Homework

 

2016 was a big year for news, dominated by the US Presidential campaign.  So guess what the top read New York Times article was for the whole year?  It was an essay by Alain de Botton titled “Why you will marry the wrong person.

The title, and article, is meant as an insight that frees us, rather than dooms us, in marriage.  I’m presently doing pre-marriage counseling for two couples, and this article is a newer part of their homework.  De Botton writes:

“For most of recorded history, people married for logical sorts of reasons: because her parcel of land adjoined yours, his family had a flourishing business, her father was the magistrate in town, there was a castle to keep up, or both sets of parents subscribed to the same interpretation of a holy text.

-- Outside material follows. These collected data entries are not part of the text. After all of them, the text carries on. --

Lemma morita_pair_of_ternary {X Y : SupLattice} {P : X -> Y -> X -> X} {Q : Y -> X -> Y -> Y}
    (H : ternary_system X Y P Q) (H' : ternary_system Y X Q P)
    {TXY : SupLattice} (t2 : X -> Y -> TXY) {TYX : SupLattice} (s2 : Y -> X -> TYX) :
  is_tensor2 X Y TXY t2 -> is_tensor2 Y X TYX s2 -> morita_pair X Y TXY t2 TYX s2.
Proof.
  intros HXY HYX.
  exists (mult_quantale H), (mult_quantale H'), (@actX _ _ P Q), (fun x b => actY b x),
    (@actX _ _ Q P), (fun y a => actY a y), (pair_mult P Q), (pair_mult Q P).
  split; [apply (mult_mreg H) |].
  split; [apply (mult_mreg H') |].
  split; [apply (mult_bimod H H') |].
  split; [apply (mult_bimod H' H) |].
  split; [apply (pair_mult_bimorph H) |].
  split; [apply (pair_mult_bimorph H') |].
  split; [intros; apply (pair_mult_actX H) |].
  split; [intros; apply (pair_mult_actY H) |].
  split; [intros; apply (pair_mult_actX H') |].
  split; [intros; apply (pair_mult_actY H') |].
  split; [intros; apply (pair_mult_swap H') |].
  split; [intros; apply (pair_mult_swap H) |].
  split; [intros; reflexivity |].
  split; [intros; reflexivity |].
  split; [apply (pair_mult_surj H HXY) | apply (pair_mult_surj H' HYX)].
Qed.

Theorem theorem1 (X Y : SupLattice)
    (TXY : SupLattice) (t2 : X -> Y -> TXY) (HXY : is_tensor2 X Y TXY t2)
    (TYX : SupLattice) (s2 : Y -> X -> TYX) (HYX : is_tensor2 Y X TYX s2)
    (TXYX : SupLattice) (t3 : X -> Y -> X -> TXYX) (HXYX : is_tensor3 X Y X TXYX t3)
    (TYXY : SupLattice) (s3 : Y -> X -> Y -> TYXY) (HYXY : is_tensor3 Y X Y TYXY s3) :
  morita_pair X Y TXY t2 TYX s2 <->
  exists (p : TXYX -> X) (q : TYXY -> Y),
    sup_pres p /\ surj p /\ sup_pres q /\ surj q /\
    (forall (x1 x2 x3 : X) (y1 y2 : Y),
        p (t3 (p (t3 x1 y1 x2)) y2 x3) = p (t3 x1 (q (s3 y1 x2 y2)) x3) /\
        p (t3 x1 (q (s3 y1 x2 y2)) x3) = p (t3 x1 y1 (p (t3 x2 y2 x3)))) /\
    (forall (x1 x2 : X) (y1 y2 y3 : Y),
        q (s3 (q (s3 y1 x1 y2)) x2 y3) = q (s3 y1 (p (t3 x1 y2 x2)) y3) /\
        q (s3 y1 (p (t3 x1 y2 x2)) y3) = q (s3 y1 x1 (q (s3 y2 x2 y3)))) /\
    (forall x1 x2 : X, (forall (u : X) (v : Y), p (t3 u v x1) = p (t3 u v x2)) -> x1 = x2) /\
    (forall x1 x2 : X, (forall (u : X) (v : Y), p (t3 x1 v u) = p (t3 x2 v u)) -> x1 = x2) /\
    (forall y1 y2 : Y, (forall (v : Y) (u : X), q (s3 v u y1) = q (s3 v u y2)) -> y1 = y2) /\
    (forall y1 y2 : Y, (forall (u : X) (v : Y), q (s3 y1 u v) = q (s3 y2 u v)) -> y1 = y2).
Proof.
  split.
  - intros (A & B & laX & raX & laY & raY & pr & br & _ & _ & HX & HY & Hpr & Hbr &
            prl & prr & brl & brr & _ & _ & idX & idY &
            (hA & hAp & hAt & hAs) & (hB & hBp & hBt & hBs)).
    pose proof (tensor2_image_generated HXY hAp hAs hAt) as pr_gen.
    pose proof (tensor2_image_generated HYX hBp hBs hBt) as br_gen.
    destruct (ternary_map_of_bimodule laX raX pr br HX Hpr pr_gen br_gen idX HXYX)
      as (p & Hp & Hps & pt & sep3 & sep4).
    destruct (ternary_map_of_bimodule laY raY br pr HY Hbr br_gen pr_gen idY HYXY)
      as (q & Hq & Hqs & qt & sep5 & sep6).
    assert (assocX := ternary_assoc_of_morita laX laY raY pr br (proj1 (proj1 HX)) prl prr idY).
    assert (assocY := ternary_assoc_of_morita laY laX raX br pr (proj1 (proj1 HY)) brl brr idX).
    exists p, q; repeat split; auto; intros; rewrite ?pt, ?qt; first [apply assocX | apply assocY].
  - intros (p & q & Hp & Hps & Hq & Hqs & assocP & assocQ & sep3 & sep4 & sep5 & sep6).
    assert (P_gen := tensor3_image_generated HXYX Hp Hps (fun x y z => eq_refl)).
    assert (Q_gen := tensor3_image_generated HYXY Hq Hqs (fun y x v => eq_refl)).
    assert (P_tri := sup_pres_comp_trimorph Hp (proj1 HXYX)).
    assert (Q_tri := sup_pres_comp_trimorph Hq (proj1 HYXY)).
    apply (morita_pair_of_ternary (P := fun x y z => p (t3 x y z)) (Q := fun y x v => q (s3 y x v)));
      [split | split | exact HXY | exact HYX]; auto.
Qed.
(* Let $\mathfrak{S}=(\mathcal{X},\mathsf{S},\gamma,(\Lambda_{a})_{a\in\mathcal{A}})$ be a spectral decomposition system for the Euclidean space $\mathfrak{H}$, let $\varphi\colon\mathcal{X}\to\left]-\infty,+\infty\right]$ be proper and $\mathsf{S}$-invariant, and let $X\in\mathfrak{H}$. Then: (i) for every $Y\in\mathfrak{H}$, $Y\in\partial(\varphi\circ\gamma)(X)$ if and only if $\gamma(Y)\in\partial\varphi(\gamma(X))$ and there exists $a\in\mathcal{A}$ such that $X=\Lambda_a\gamma(X)$ and $Y=\Lambda_a\gamma(Y)$; (ii) $\partial(\varphi\circ\gamma)(X)=\{\Lambda_ay: y\in\partial\varphi(\gamma(X)),\ a\in\mathcal{A}_X\}$; (iii) $\partial(\varphi\circ\gamma)(X)$ is a singleton if and only if $\partial\varphi(\gamma(X))$ is a singleton.
   Context: A Euclidean space is a finite-dimensional real inner product space; inner products are written $\langle\cdot,\cdot\rangle$ and norms $\|\cdot\|$. Let $\mathfrak{H}$ and $\mathcal{X}$ be Euclidean spaces, let $\mathsf{S}$ be a group acting on $\mathcal{X}$ by linear isometries, let $\gamma\colon\mathfrak{H}\to\mathcal{X}$, and let $(\Lambda_a)_{a\in\mathcal{A}}$ be a family of linear operators from $\mathcal{X}$ to $\mathfrak{H}$. The orbit of $x$ is $\mathsf{S}\cdot x=\{s\cdot x: s\in\mathsf{S}\}$; a map $f$ on $\mathcal{X}$ is $\mathsf{S}$-invariant if $f(s\cdot x)=f(x)$ for all $s,x$. The tuple is a spectral decomposition system for $\mathfrak{H}$ if: [A] every $\Lambda_a$ is an isometry; [B] there exists an $\mathsf{S}$-invariant $\tau\colon\mathcal{X}\to\mathcal{X}$ with $\tau(x)\in\mathsf{S}\cdot x$ for all $x$ and $\gamma\circ\Lambda_a=\tau$ for all $a$; [C] for every $X\in\mathfrak{H}$ there is $a$ with $X=\Lambda_a\gamma(X)$; [D] $\langle X,Y\rangle\leq\langle\gamma(X),\gamma(Y)\rangle$ for all $X,Y\in\mathfrak{H}$. For $X\in\mathfrak{H}$, $\mathcal{A}_X=\{a\in\mathcal{A}: X=\Lambda_a\gamma(X)\}$. A function is proper if it never takes $-\infty$ and is finite somewhere; the subdifferential of $f$ on a Euclidean space $\mathcal{H}$ is $\partial f(x)=\{y:\langle z-x,y\rangle+f(x)\leq f(z)\ \forall z\in\mathcal{H}\}$. *)

From HB Require Import structures.
From mathcomp Require Import all_boot all_order all_algebra.
From mathcomp Require Import boolp classical_sets reals constructive_ereal.
Set Implicit Arguments. Unset Strict Implicit. Unset Printing Implicit Defensive.
Import Order.TTheory GRing.Theory Num.Theory.
Local Open Scope ring_scope.
Local Open Scope classical_set_scope.

(* Euclidean spaces are modelled as row spaces 'rV[R]_n with the standard
   inner product (every Euclidean space is isometric to such a space). *)
Definition dotp (R : realType) (n : nat) (u v : 'rV[R]_n) : R := (u *m v^T) 0 0.
Definition vnorm (R : realType) (n : nat) (u : 'rV[R]_n) : R := Num.sqrt (dotp u u).

Definition isometric_group_action (R : realType) (m : nat) (G : Type)
  (mulG : G -> G -> G) (oneG : G) (invG : G -> G)
  (act : G -> 'rV[R]_m -> 'rV[R]_m) : Prop :=
  [/\ (forall g h k, mulG g (mulG h k) = mulG (mulG g h) k),
      (forall g, mulG oneG g = g /\ mulG g oneG = g)
    & (forall g, mulG (invG g) g = oneG /\ mulG g (invG g) = oneG)] /\
  [/\ (forall x, act oneG x = x),
      (forall g h x, act (mulG g h) x = act g (act h x)),
      (forall g (c : R) x y, act g (c *: x + y) = c *: act g x + act g y)
    &
      (forall g x, vnorm (act g x) = vnorm x)].

Definition orbit (R : realType) (m : nat) (G : Type)
  (act : G -> 'rV[R]_m -> 'rV[R]_m) (x : 'rV[R]_m) : set 'rV[R]_m :=
  [set act g x | g in [set: G]].

Definition S_invariant (R : realType) (m : nat) (G : Type) (T : Type)
  (act : G -> 'rV[R]_m -> 'rV[R]_m) (f : 'rV[R]_m -> T) : Prop :=
  forall g x, f (act g x) = f x.

Definition spectral_decomposition_system (R : realType) (n m : nat) (G : Type)
  (mulG : G -> G -> G) (oneG : G) (invG : G -> G)
  (act : G -> 'rV[R]_m -> 'rV[R]_m)
  (gamma : 'rV[R]_n -> 'rV[R]_m) (A : Type) (Lam : A -> 'rV[R]_m -> 'rV[R]_n) : Prop :=
  isometric_group_action mulG oneG invG act /\
  (forall a (c : R) x y, Lam a (c *: x + y) = c *: Lam a x + Lam a y) /\
  [/\
      (forall a x, vnorm (Lam a x) = vnorm x),
      (exists tau : 'rV[R]_m -> 'rV[R]_m,
         [/\ S_invariant act tau,
             (forall x, orbit act x (tau x))
           & (forall a x, gamma (Lam a x) = tau x)]),
      (forall X, exists a, X = Lam a (gamma X))
    &
      (forall X Y, dotp X Y <= dotp (gamma X) (gamma Y))].

Definition A_of (R : realType) (n m : nat) (gamma : 'rV[R]_n -> 'rV[R]_m)
  (A : Type) (Lam : A -> 'rV[R]_m -> 'rV[R]_n) (X : 'rV[R]_n) : set A :=
  [set a | X = Lam a (gamma X)].

Definition proper_fun (R : realType) (m : nat) (f : 'rV[R]_m -> \bar R) : Prop :=
  (forall x, f x <> -oo%E) /\ exists x (r : R), f x = r%:E.

Definition subdiff (R : realType) (k : nat) (f : 'rV[R]_k -> \bar R) (x : 'rV[R]_k)
  : set 'rV[R]_k :=
  [set y | forall z, ((dotp (z - x) y)%:E + f x <= f z)%E].

(* The key fact is the equality case of [D]: <X, Y> = <gamma X, gamma Y>
   holds exactly when X and Y are decomposed by a common Lambda_a.  Testing
   the subgradient inequality of phi o gamma at Lambda_b (gamma X), where
   Y = Lambda_b (gamma Y), forces this equality, and the change of variables
   Z = Lambda_a z then transfers subgradients in both directions.  For (iii),
   all subgradients of phi o gamma at X then share the spectrum gamma Y, so
   convexity of the subdifferential and strict convexity of the norm make
   them coincide. *)

From mathcomp Require Import all_boot all_order all_algebra.
From mathcomp Require Import boolp classical_sets reals constructive_ereal.
From mathcomp Require Import lra.
Set Implicit Arguments. Unset Strict Implicit. Unset Printing Implicit Defensive.
Import Order.TTheory GRing.Theory Num.Theory.
Local Open Scope ring_scope.
Local Open Scope classical_set_scope.

Section InnerProduct.
Variables (R : realType) (n : nat).
Implicit Types u v w : 'rV[R]_n.

Lemma dotpE u v : dotp u v = \sum_i u 0 i * v 0 i.
Proof. by rewrite /dotp !mxE; apply: eq_bigr => i _; rewrite mxE. Qed.

Lemma dotpC u v : dotp u v = dotp v u.
Proof. by rewrite !dotpE; apply: eq_bigr => i _; rewrite mulrC. Qed.

Lemma dotpDl u v w : dotp (u + v) w = dotp u w + dotp v w.
Proof. by rewrite /dotp mulmxDl mxE. Qed.

Lemma dotpZl c u w : dotp (c *: u) w = c * dotp u w.
Proof. by rewrite /dotp -scalemxAl mxE. Qed.

Lemma dotpBl u v w : dotp (u - v) w = dotp u w - dotp v w.
Proof. by rewrite dotpDl -scaleN1r dotpZl mulN1r. Qed.

Lemma dotpDr u v w : dotp w (u + v) = dotp w u + dotp w v.
Proof. by rewrite dotpC dotpDl !(dotpC w). Qed.

Lemma dotpZr c u w : dotp w (c *: u) = c * dotp w u.
Proof. by rewrite dotpC dotpZl dotpC. Qed.

Lemma dotpBr u v w : dotp w (u - v) = dotp w u - dotp w v.
Proof. by rewrite dotpC dotpBl !(dotpC w). Qed.

Lemma dotpp_ge0 u : 0 <= dotp u u.
Proof. by rewrite dotpE; apply: sumr_ge0 => i _; rewrite -expr2 sqr_ge0. Qed.

Lemma dotpp_le0 u : dotp u u <= 0 -> u = 0.
Proof.
move=> u_le0; have /psumr_eq0P u0 : \sum_i u 0 i * u 0 i = 0.
  by apply/eqP; rewrite -dotpE eq_le u_le0 dotpp_ge0.
apply/matrixP => i j; rewrite ord1 mxE.
by apply/eqP; rewrite -sqrf_eq0 expr2 u0 // => k _; rewrite -expr2 sqr_ge0.
Qed.

Lemma dotp_convex_norm_eq (t : R) u v : 0 < t < 1 -> dotp u u = dotp v v ->
  dotp (t *: u + (1 - t) *: v) (t *: u + (1 - t) *: v) = dotp u u -> u = v.
Proof.
(* |t u + (1 - t) v|^2 = t |u|^2 + (1 - t) |v|^2 - t (1 - t) |u - v|^2 *)
case/andP=> t_gt0 t_lt1 uv w_eq; apply/eqP; rewrite -subr_eq0; apply/eqP.
apply: dotpp_le0; rewrite !dotpBl !dotpBr (dotpC v u).
move: w_eq; rewrite !dotpDl !dotpDr !dotpZl !dotpZr (dotpC v u) uv => w_eq.
have /eqP : t * (1 - t) * (dotp v v - dotp u v) = 0 by nra.
by rewrite !mulf_eq0 subr_eq0 => /orP[/orP[/eqP|/eqP]|/eqP]; lra.
Qed.

End InnerProduct.

Lemma linearD_fun (R : realType) n k (f : 'rV[R]_n -> 'rV[R]_k) :
  GRing.linear_for *:%R f -> forall x y, f (x + y) = f x + f y.
Proof. by move=> f_lin x y; have := f_lin 1 x y; rewrite !scale1r. Qed.

Lemma linearB_fun (R : realType) n k (f : 'rV[R]_n -> 'rV[R]_k) :
  GRing.linear_for *:%R f -> forall x y, f (x - y) = f x - f y.
Proof. by move=> f_lin x y; rewrite addrC -scaleN1r f_lin scaleN1r addrC. Qed.

Lemma linear_isometry_dotp (R : realType) n k (f : 'rV[R]_n -> 'rV[R]_k) :
  GRing.linear_for *:%R f -> (forall x, vnorm (f x) = vnorm x) ->
  forall u v, dotp (f u) (f v) = dotp u v.
Proof.
move=> f_lin f_iso.
have dotpp_f x : dotp (f x) (f x) = dotp x x.
  by have /eqP := f_iso x; rewrite eqr_sqrt ?dotpp_ge0 // => /eqP.
move=> u v; have := dotpp_f (u + v).
rewrite linearD_fun // !dotpDl !dotpDr !dotpp_f (dotpC (f v)) (dotpC v); lra.
Qed.

Section Subdifferential.
Variables (R : realType) (k : nat) (f : 'rV[R]_k -> \bar R).

Lemma subdiff_proper_fin x y : proper_fun f -> subdiff f x y ->
  exists r : R, f x = r%:E.
Proof.
case=> f_neq_ninfty [x0 [r0 fx0]] /(_ x0); rewrite fx0.
by case: (f x) (f_neq_ninfty x) => [r _ _|//|//]; exists r.
Qed.

Lemma subdiff_convex x (t : R) y1 y2 : 0 <= t <= 1 ->
  subdiff f x y1 -> subdiff f x y2 -> subdiff f x (t *: y1 + (1 - t) *: y2).
Proof.
case/andP=> t_ge0 t_le1 y1_sub y2_sub z.
rewrite dotpDr !dotpZr.
have [le12|le21] := leP (dotp (z - x) y1) (dotp (z - x) y2).
- apply: le_trans (y2_sub z); rewrite leeD2r // lee_fin; nra.
- apply: le_trans (y1_sub z); rewrite leeD2r // lee_fin; nra.
Qed.

End Subdifferential.

Section SpectralDecomposition.
Variables (R : realType) (n m : nat) (G : Type).
Variables (mulG : G -> G -> G) (oneG : G) (invG : G -> G).
Variable act : G -> 'rV[R]_m -> 'rV[R]_m.
Variables (gamma : 'rV[R]_n -> 'rV[R]_m) (A : Type).
Variable Lam : A -> 'rV[R]_m -> 'rV[R]_n.
Hypothesis sds : spectral_decomposition_system mulG oneG invG act gamma Lam.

And from such reasonable marriages, there flowed loneliness, infidelity, abuse, hardness of heart and screams heard through the nursery doors. The marriage of reason was not, in hindsight, reasonable at all; it was often expedient, narrow-minded, snobbish and exploitative. That is why what has replaced it — the marriage of feeling — has largely been spared the need to account for itself.”

So de Botton gives some suggestions for how that accounting might happen:

We seem normal only to those who don’t know us very well. In a wiser, more self-aware society than our own, a standard question on any early dinner date would be: ‘And how are you crazy?’

He continues:

The person who is best suited to us is not the person who shares our every taste (he or she doesn’t exist), but the person who can negotiate differences in taste intelligently — the person who is good at disagreement. Rather than some notional idea of perfect complementarity, it is the capacity to tolerate differences with generosity that is the true marker of the “not overly wrong” person. Compatibility is an achievement of love; it must not be its precondition.”

As I look over the CMC June birthdays and anniversaries, this is one of those months dominated by anniversaries.  Abbie I will celebrate 16 years on the 16th.  It’s sweet.  We’re more aware than ever how we each of us are crazy, and we’re in it together.

The points of this article ring true for me.  It’s a small consolation to know America got a larger dose of this wisdom than that of any other Times article last year.

Alain de Botton was also interviewed in February by Krista Tippet for the On Being podcast: “The true hard work of love and relationships.”